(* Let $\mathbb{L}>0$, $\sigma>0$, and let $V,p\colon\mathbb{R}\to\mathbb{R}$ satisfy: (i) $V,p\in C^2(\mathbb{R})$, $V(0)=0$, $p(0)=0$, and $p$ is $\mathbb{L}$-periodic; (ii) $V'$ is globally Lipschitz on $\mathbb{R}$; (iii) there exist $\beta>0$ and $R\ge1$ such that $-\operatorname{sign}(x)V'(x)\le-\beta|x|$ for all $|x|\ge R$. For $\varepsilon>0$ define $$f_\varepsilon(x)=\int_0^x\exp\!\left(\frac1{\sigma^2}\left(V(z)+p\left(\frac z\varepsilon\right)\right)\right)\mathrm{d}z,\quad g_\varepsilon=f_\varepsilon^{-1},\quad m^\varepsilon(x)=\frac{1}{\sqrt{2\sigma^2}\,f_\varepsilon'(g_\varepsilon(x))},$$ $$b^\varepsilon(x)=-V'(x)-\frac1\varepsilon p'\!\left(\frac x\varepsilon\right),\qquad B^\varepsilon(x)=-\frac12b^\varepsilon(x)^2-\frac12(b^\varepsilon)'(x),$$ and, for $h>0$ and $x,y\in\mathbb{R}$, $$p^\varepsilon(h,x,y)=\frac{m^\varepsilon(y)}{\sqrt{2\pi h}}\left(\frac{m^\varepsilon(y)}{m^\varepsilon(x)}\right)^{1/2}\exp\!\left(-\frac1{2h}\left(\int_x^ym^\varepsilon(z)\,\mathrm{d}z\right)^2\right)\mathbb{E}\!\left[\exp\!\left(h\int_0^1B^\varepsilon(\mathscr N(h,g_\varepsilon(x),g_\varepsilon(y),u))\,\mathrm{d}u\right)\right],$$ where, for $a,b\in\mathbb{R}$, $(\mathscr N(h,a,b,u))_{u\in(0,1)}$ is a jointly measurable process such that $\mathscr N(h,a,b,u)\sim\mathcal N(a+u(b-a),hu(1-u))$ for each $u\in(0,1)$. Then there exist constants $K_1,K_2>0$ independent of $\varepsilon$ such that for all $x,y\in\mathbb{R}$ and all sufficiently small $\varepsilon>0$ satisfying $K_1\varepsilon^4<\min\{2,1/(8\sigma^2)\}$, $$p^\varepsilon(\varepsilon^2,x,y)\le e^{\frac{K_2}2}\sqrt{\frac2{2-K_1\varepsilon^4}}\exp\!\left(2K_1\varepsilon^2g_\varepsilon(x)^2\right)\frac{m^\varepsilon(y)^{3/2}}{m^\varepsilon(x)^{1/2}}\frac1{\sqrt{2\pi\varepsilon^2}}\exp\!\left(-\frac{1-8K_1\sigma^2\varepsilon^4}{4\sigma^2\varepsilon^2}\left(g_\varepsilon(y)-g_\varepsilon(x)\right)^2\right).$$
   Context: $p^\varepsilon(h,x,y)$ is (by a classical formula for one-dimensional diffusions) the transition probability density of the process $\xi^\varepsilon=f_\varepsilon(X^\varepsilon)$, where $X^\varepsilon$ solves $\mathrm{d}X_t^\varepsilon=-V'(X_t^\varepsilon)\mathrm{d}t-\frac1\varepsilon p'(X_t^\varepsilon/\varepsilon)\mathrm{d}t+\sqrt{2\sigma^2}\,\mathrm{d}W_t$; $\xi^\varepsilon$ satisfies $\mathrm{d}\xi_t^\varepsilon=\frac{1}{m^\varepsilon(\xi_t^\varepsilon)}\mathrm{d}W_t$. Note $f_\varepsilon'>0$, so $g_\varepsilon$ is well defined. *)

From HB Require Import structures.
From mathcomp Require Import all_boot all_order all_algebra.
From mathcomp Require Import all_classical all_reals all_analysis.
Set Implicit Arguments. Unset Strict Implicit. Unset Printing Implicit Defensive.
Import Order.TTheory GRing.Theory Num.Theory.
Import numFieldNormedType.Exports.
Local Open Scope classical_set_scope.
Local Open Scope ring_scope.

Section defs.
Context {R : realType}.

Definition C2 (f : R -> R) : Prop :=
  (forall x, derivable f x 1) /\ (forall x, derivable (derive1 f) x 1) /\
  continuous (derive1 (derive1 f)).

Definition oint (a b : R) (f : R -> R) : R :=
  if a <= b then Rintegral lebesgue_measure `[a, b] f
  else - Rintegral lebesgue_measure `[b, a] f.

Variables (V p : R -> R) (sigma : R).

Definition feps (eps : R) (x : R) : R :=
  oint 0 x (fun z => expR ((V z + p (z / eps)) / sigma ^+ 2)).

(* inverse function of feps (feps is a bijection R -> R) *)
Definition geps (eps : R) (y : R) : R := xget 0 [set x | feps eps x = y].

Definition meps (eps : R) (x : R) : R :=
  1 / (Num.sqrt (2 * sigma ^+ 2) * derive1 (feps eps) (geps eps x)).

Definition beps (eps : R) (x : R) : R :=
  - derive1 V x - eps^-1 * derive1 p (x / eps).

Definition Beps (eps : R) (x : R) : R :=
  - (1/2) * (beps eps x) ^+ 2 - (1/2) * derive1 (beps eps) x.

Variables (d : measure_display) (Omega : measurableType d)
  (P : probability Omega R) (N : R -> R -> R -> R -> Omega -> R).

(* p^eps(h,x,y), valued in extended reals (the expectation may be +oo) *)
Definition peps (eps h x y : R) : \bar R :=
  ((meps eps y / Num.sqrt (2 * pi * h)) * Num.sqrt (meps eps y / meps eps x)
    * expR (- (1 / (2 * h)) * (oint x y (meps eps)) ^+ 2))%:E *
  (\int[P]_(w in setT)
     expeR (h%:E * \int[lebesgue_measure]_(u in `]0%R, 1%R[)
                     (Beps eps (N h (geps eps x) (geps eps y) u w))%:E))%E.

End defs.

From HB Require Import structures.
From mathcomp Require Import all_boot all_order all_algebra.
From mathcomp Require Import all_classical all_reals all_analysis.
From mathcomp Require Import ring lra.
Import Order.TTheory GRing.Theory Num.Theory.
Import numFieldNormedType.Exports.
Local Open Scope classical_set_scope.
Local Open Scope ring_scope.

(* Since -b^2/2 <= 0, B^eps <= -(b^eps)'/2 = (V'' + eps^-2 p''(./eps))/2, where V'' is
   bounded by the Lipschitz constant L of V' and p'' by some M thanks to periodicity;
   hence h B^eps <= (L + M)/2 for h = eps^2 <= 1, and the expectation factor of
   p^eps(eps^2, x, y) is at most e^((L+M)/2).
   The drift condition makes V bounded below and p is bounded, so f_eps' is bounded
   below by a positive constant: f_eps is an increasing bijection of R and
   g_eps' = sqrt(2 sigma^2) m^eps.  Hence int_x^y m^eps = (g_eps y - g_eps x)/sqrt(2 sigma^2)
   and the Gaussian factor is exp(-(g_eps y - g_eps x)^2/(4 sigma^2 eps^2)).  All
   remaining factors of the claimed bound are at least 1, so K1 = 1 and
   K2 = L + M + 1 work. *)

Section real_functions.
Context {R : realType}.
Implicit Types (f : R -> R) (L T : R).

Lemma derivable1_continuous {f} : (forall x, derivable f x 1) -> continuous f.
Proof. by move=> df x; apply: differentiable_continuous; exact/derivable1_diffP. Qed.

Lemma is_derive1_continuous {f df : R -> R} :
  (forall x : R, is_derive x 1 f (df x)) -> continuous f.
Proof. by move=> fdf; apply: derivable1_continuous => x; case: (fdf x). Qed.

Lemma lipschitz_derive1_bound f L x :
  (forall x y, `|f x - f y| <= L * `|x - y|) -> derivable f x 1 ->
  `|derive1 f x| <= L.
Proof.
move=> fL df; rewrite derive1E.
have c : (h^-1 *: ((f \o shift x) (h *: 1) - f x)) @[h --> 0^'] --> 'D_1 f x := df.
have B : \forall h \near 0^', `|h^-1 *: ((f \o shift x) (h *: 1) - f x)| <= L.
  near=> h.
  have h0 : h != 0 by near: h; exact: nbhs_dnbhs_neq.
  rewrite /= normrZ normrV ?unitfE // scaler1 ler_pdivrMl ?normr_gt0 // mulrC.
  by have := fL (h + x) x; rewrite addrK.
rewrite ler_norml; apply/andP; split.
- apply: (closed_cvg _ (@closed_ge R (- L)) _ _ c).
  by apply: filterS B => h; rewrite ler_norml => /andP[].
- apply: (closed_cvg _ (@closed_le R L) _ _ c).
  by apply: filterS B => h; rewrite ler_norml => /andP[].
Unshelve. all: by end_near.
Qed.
○ ○ ○ ○ ○ ○ ○
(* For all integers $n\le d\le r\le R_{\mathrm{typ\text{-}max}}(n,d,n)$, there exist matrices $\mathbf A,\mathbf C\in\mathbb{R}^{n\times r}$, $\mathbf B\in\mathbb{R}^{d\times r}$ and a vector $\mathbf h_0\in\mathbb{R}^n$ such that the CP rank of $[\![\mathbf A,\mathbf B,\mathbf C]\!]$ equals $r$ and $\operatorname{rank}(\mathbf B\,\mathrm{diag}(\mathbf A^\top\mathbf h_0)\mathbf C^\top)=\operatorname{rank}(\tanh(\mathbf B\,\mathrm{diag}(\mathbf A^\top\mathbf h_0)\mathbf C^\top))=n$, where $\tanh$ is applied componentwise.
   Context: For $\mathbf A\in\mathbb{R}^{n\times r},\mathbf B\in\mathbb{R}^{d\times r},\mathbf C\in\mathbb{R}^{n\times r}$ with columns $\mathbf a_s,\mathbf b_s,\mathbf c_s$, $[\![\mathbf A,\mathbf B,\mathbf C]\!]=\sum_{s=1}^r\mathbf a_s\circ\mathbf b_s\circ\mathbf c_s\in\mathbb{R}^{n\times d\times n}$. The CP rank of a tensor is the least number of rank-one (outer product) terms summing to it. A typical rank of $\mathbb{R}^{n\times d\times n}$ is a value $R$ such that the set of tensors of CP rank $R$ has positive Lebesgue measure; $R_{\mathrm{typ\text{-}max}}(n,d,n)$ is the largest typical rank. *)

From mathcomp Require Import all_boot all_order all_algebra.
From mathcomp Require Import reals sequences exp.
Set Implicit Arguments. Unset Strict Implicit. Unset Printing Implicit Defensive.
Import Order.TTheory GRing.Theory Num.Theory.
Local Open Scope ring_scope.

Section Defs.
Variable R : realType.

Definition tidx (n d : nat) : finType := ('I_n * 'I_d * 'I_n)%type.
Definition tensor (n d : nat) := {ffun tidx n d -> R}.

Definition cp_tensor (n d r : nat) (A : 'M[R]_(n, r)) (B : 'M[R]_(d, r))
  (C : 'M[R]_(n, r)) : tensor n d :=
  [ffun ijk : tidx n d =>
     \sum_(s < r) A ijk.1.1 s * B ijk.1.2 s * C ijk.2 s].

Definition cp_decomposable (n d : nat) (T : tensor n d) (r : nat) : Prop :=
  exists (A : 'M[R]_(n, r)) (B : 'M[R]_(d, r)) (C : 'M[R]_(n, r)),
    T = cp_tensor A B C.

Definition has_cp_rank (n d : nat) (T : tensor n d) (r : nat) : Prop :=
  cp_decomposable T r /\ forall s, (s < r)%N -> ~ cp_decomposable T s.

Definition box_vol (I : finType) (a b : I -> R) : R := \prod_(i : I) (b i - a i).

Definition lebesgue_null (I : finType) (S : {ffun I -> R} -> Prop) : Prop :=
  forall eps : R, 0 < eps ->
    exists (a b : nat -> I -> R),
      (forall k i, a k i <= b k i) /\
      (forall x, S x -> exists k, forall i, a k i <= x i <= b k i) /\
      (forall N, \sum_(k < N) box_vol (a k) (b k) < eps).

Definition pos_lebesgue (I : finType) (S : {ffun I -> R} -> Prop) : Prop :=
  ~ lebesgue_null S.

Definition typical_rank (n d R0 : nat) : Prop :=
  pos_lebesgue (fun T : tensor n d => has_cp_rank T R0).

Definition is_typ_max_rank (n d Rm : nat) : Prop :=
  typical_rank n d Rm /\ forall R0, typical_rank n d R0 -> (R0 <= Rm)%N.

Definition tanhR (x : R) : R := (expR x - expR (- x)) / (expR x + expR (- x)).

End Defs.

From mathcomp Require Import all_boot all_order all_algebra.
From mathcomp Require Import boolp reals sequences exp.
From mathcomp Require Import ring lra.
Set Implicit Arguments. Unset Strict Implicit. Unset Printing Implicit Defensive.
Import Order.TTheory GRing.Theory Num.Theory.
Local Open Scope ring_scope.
○ ○ ○ ○ ○ ○ ○
Each line above that contains the word "expectation" must be copied.

(* p^eps(h,x,y), valued in extended reals (the expectation may be +oo) *)
   hence h B^eps <= (L + M)/2 for h = eps^2 <= 1, and the expectation factor of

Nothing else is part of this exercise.